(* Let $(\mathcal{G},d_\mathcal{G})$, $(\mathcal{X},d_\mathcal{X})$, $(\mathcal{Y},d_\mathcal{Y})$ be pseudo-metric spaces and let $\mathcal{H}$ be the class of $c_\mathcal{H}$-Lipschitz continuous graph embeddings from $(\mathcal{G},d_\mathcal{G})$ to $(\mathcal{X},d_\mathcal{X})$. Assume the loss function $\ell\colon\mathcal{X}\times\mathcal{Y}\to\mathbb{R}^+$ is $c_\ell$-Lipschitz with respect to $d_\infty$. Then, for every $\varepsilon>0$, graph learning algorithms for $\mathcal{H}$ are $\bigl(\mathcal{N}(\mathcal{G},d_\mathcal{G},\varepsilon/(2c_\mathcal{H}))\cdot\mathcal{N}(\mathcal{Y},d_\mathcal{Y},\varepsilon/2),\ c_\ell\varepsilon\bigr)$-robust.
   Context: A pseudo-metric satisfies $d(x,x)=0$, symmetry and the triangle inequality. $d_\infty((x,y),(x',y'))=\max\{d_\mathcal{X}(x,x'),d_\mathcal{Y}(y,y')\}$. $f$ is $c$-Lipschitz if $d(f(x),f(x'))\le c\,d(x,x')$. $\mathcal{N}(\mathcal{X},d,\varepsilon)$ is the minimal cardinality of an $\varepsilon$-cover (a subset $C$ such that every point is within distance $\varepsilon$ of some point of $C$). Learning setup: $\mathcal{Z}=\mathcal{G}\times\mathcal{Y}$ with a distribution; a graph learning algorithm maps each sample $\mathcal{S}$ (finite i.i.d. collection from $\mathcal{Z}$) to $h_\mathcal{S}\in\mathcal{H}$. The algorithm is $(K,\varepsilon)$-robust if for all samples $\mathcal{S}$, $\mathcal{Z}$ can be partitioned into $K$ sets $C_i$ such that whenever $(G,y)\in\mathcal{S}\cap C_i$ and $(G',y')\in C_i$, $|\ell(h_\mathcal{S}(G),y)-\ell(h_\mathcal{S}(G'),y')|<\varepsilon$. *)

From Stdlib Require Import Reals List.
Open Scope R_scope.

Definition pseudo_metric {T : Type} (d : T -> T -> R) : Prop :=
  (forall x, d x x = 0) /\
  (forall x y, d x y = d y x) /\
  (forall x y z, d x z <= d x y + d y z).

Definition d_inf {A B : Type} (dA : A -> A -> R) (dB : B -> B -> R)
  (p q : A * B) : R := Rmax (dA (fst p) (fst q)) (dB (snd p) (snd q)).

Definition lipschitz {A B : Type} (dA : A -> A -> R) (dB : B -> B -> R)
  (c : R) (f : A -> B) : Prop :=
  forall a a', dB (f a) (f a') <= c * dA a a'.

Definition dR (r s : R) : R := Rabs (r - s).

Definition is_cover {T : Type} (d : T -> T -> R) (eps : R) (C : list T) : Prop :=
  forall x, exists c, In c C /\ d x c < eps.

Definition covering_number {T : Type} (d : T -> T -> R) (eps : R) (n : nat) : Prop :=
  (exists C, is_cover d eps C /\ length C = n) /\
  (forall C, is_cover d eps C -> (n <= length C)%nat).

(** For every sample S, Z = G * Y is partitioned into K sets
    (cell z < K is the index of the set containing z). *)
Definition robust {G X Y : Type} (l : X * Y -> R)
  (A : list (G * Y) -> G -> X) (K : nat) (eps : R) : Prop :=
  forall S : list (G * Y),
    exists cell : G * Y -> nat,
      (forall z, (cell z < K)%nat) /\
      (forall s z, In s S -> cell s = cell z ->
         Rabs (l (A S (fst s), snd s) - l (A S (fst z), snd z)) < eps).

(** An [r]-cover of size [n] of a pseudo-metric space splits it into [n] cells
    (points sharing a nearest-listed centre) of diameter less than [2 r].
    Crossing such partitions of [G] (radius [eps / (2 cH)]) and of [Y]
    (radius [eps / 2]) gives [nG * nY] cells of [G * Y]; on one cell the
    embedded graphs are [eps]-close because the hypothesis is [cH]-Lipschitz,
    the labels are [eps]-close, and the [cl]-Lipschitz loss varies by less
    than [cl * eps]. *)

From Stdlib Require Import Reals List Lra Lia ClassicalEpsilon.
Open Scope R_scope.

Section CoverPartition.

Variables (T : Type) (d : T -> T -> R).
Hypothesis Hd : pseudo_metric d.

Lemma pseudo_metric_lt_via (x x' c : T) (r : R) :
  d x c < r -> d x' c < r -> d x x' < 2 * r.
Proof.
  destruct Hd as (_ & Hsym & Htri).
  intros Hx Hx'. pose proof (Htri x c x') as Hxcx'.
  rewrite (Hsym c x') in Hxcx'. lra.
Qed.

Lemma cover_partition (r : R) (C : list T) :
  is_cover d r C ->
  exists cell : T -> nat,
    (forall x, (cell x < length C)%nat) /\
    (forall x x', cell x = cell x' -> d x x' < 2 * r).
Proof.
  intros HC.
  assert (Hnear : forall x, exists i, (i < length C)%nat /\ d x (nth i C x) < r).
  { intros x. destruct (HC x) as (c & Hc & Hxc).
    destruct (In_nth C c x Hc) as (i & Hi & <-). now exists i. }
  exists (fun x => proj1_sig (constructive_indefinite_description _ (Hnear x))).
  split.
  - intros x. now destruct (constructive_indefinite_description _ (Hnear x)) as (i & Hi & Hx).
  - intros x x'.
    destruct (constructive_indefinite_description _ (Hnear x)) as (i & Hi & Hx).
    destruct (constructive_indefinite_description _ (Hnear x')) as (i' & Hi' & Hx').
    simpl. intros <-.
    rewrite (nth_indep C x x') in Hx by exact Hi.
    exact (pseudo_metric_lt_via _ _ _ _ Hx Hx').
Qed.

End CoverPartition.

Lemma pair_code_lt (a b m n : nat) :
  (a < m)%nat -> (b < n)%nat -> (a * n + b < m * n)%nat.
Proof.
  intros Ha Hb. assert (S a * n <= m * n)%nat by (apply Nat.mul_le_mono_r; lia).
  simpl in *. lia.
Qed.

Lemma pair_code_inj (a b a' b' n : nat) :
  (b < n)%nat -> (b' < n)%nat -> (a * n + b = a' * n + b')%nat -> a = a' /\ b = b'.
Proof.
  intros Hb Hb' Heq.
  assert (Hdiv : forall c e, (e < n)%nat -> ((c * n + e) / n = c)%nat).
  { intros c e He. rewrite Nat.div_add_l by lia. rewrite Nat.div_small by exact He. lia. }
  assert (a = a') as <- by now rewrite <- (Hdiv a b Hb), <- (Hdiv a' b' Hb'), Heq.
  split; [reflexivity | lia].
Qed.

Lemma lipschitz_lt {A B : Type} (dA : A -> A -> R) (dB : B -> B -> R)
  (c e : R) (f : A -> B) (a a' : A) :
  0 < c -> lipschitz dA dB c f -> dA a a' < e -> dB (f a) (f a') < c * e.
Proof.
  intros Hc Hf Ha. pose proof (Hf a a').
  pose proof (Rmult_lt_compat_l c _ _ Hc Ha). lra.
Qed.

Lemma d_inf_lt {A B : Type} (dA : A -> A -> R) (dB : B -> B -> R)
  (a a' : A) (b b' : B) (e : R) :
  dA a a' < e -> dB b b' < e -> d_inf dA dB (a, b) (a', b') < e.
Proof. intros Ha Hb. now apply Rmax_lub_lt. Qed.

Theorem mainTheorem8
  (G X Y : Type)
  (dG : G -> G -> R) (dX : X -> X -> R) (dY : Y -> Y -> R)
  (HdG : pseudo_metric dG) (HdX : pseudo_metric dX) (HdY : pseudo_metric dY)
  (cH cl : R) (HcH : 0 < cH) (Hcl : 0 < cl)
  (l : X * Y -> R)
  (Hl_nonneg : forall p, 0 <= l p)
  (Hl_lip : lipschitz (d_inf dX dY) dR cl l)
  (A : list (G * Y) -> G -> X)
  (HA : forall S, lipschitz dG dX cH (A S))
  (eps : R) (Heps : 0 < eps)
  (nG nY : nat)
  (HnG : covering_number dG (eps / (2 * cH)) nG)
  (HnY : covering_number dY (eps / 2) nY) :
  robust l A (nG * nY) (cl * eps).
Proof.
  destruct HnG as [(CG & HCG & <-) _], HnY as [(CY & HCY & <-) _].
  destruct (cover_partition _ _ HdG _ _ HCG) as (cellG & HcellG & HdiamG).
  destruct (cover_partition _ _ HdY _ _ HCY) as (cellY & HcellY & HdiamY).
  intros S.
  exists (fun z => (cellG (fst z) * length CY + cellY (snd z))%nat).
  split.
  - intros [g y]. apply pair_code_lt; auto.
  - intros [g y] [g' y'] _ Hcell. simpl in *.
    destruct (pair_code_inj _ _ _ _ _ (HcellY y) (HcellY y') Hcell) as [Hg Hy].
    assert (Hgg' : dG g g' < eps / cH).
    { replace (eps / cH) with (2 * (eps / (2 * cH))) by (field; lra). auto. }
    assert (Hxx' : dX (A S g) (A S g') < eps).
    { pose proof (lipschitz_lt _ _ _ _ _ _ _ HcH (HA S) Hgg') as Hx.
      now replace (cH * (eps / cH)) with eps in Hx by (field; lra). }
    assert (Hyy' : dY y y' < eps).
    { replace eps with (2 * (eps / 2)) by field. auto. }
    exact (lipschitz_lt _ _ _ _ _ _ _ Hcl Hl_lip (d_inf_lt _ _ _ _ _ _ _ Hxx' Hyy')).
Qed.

DIRECTIONS FOR THIS TASK: Whenever the string "Type" turns up in a line above, copy that line out.

RESULT OF THIS EXERCISE:
Definition pseudo_metric {T : Type} (d : T -> T -> R) : Prop :=
Definition d_inf {A B : Type} (dA : A -> A -> R) (dB : B -> B -> R)
Definition lipschitz {A B : Type} (dA : A -> A -> R) (dB : B -> B -> R)
Definition is_cover {T : Type} (d : T -> T -> R) (eps : R) (C : list T) : Prop :=
Definition covering_number {T : Type} (d : T -> T -> R) (eps : R) (n : nat) : Prop :=
Definition robust {G X Y : Type} (l : X * Y -> R)
Variables (T : Type) (d : T -> T -> R).
Lemma lipschitz_lt {A B : Type} (dA : A -> A -> R) (dB : B -> B -> R)
Lemma d_inf_lt {A B : Type} (dA : A -> A -> R) (dB : B -> B -> R)
  (G X Y : Type)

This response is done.